In the present study, glibenclamide treatment was more effective than nategelinide treatment (Figure 8). The different effects of these two antidiabetic agents may be due to their different action mechanisms. Nateglinide and glibenclamide display different effects on insulin secretion in beta cell. Our previous study showed that decreased first-phase insulin release was partially recovered when GK rats were treated with nateglinide, whereas no first-phase release occurred with glibenclamide treatment [25]. Nateglinide administration reduced blood glucose 1 hour after feeding, whereas glibenclamide administration reduced the blood glucose level 2 and 3 hours after feeding [25]. Glibenclamide treatment is more effective than nateglinide treatment in the dysfunction of second-phase insulin release. The present study suggests that glibenclamide treatment might be more effective in the inhibition of long-spacing collagen formation by recovering second-phase insulin release.

In summary, more long-spacing collagen fibrils were observed in Descemet’s membrane of diabetic GK rats than in the membrane of the nondiabetic Wistar rats. Type VIII collagen was localized in the internodal region of the long-spacing collagen. Further studies are needed to elucidate the role of type VIII collagen in the formation of long-spacing collagen. Antidiabetic agents nateglinide and glibenclamide significantly suppressed the formation of the long-spacing collagen in the diabetic rats. The long-spacing collagen of the cornea would appear to be a useful indicator for studying diabetic changes in the cornea and the effect of antidiabetic agents.

Acknowledgments

We wish to express our appreciation to Mr.
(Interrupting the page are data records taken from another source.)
Lemma block_count_diagonals :
  [/\ block_count 1 1 + block_count 2 3 + block_count 3 2
        = m.-1 + (special_count 1 1 + special_count 2 3 + special_count 3 2),
      block_count 1 2 + block_count 2 1 + block_count 3 3
        = m.-1 + (special_count 1 2 + special_count 2 1 + special_count 3 3) &
      block_count 1 3 + block_count 2 2 + block_count 3 1
        = m.-1 + (special_count 1 3 + special_count 2 2 + special_count 3 1)].
Proof.
rewrite /block_count /special_count.
split; [rewrite -(@sum_regular_class 0) | rewrite -(@sum_regular_class 1)
       | rewrite -(@sum_regular_class 2)] => //; rewrite -!big_split /=;
  apply: eq_bigr => e eT; have := blk_range e.1.1; have := blk_range e.1.2.
all: case: (boolP (special e.2)) => [_ | nsp]; first by rewrite !andbT.
all: have [-> _] := Lsq_regular (transversal_Lsq eT) nsp.
all: by rewrite !andbF /in_block /=; move: (blk m e.1.1) (blk m e.1.2) => I J; lia.
Qed.

Lemma special_count_antidiagonals :
  [/\ special_count 1 1 + special_count 2 2 + special_count 3 3 = 1,
      special_count 1 2 + special_count 2 3 + special_count 3 1 = 1 &
      special_count 1 3 + special_count 2 1 + special_count 3 2 = 1].
Proof.
rewrite /special_count.
split; [rewrite -[RHS](@sum_special_class 0) | rewrite -[RHS](@sum_special_class 1)
       | rewrite -[RHS](@sum_special_class 2)] => //; rewrite -!big_split /=;
  apply: eq_bigr => e eT; have := blk_range e.1.1; have := blk_range e.1.2.
all: case: (boolP (special e.2)) => [sp | _]; last by rewrite !andbF.
all: have [-> _] := Lsq_special (transversal_Lsq eT) sp.
all: by rewrite !andbT /in_block /=; move: (blk m e.1.1) (blk m e.1.2) => I J; lia.
Qed.

Lemma special_count_residue : odd m ->
  special_count 2 2 + special_count 3 3 = special_count 2 3 + special_count 3 2.
Proof.
move=> m_odd.
have m_dvd_residues : m %| \sum_(e in T) residue e.
  rewrite /dvdn /residue modn_summ big_split /=.
  rewrite (sum_row_index (modn^~ m)) (sum_col_index (modn^~ m)) sum_modn.
  by rewrite -/(dvdn _ _) dvdn_add // dvdn_mull // dvdn_sum_ord_odd.
have m_dvd_symbols : m %| \sum_(e in T) e.2 %% m.
  by rewrite (sum_symbol (modn^~ m)) sum_modn dvdn_mull // dvdn_sum_ord_odd.
have balance : \sum_(e in T) residue e + m.-1 * (special_count 2 3 + special_count 3 2)
             = \sum_(e in T) e.2 %% m + m.-1 * (special_count 2 2 + special_count 3 3).
  rewrite /special_count -!big_split !big_distrr -!big_split /=.
  apply: eq_bigr => e eT.
  case: (boolP (special e.2)) => [sp | nsp]; last first.
    by have [_ ->] := Lsq_regular (transversal_Lsq eT) nsp; rewrite !andbF.
  have [class_e ->] := Lsq_special (transversal_Lsq eT) sp.
  rewrite special_modn // class_e !andbT !(mulnC _ m.-1) -!mulnDr; congr (_ * _).
  have := blk_range e.1.1; have := blk_range e.1.2; rewrite /in_block.
  by case: (blk m e.1.1) => [|[|[|[|]]]] //; case: (blk m e.1.2) => [|[|[|[|]]]].
have [anti0 anti1 anti2] := special_count_antidiagonals.
move: balance; case/dvdnP: m_dvd_residues => k1 ->; case/dvdnP: m_dvd_symbols => k2 ->.
by move/(congr1 (modn^~ m)); rewrite /= !modnMDl => /predn_mul_mod_inj -> //; lia.
Qed.

End Transversal.

End BlockStructure.

Theorem theorem15 (m : nat) (T : {set entry (3 * m)}) :
  3 <= m -> odd m ->
  is_latin_transversal (3 * m) (Lsq m) T ->
  forall i j : nat, 1 <= i <= 3 -> 1 <= j <= 3 ->
  exists e : entry (3 * m), (e \in T) && in_block m i j e.
Proof.
move=> m_gt2 m_odd T_tr i j i_rng j_rng.
have := block_array_gt0 (block_count_row m_gt2 T_tr) (block_count_col m_gt2 T_tr)
  (@special_count_le m T) (block_count_diagonals m_gt2 T_tr)
  (special_count_antidiagonals m_gt2 T_tr) (special_count_residue m_gt2 T_tr m_odd)
  i_rng j_rng.
rewrite lt0n sum_nat_eq0 negb_forall => /existsP[e].
by rewrite negb_imply eqb0 negbK => e_in_block; exists e.
Qed.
M. Fukuda, Ms. S. Matsubara, Ms. M. Ueki, Ms. M. Kanai, and Ms. T. Miura (Laboratory for Electron Microscopy and Department of Anatomy, Kyorin University School of Medicine) for their technical assistance. We thank Dr. A Hirakata, Dr. A Kudo, and Dr. M Kanai (Departments of Ophthalmology and Anatomy, Kyorin University School of Medicine) for invaluable discussions. This study was supported by Grants-in-Aid for Scientific Research (C) (nos. 16590153 and 20590198; to Y. Akimoto) from the Japanese Ministry of Education, Culture, Sports, Science and Technology. Additional support includes Grants-in-Aid from Japan Diabetes Foundation and the Kazato Research Foundation, as well as a Grant-in-Aid from Kyorin University School of Medicine, and Kyorin Medical Research Award 2006 to Y. Akimoto.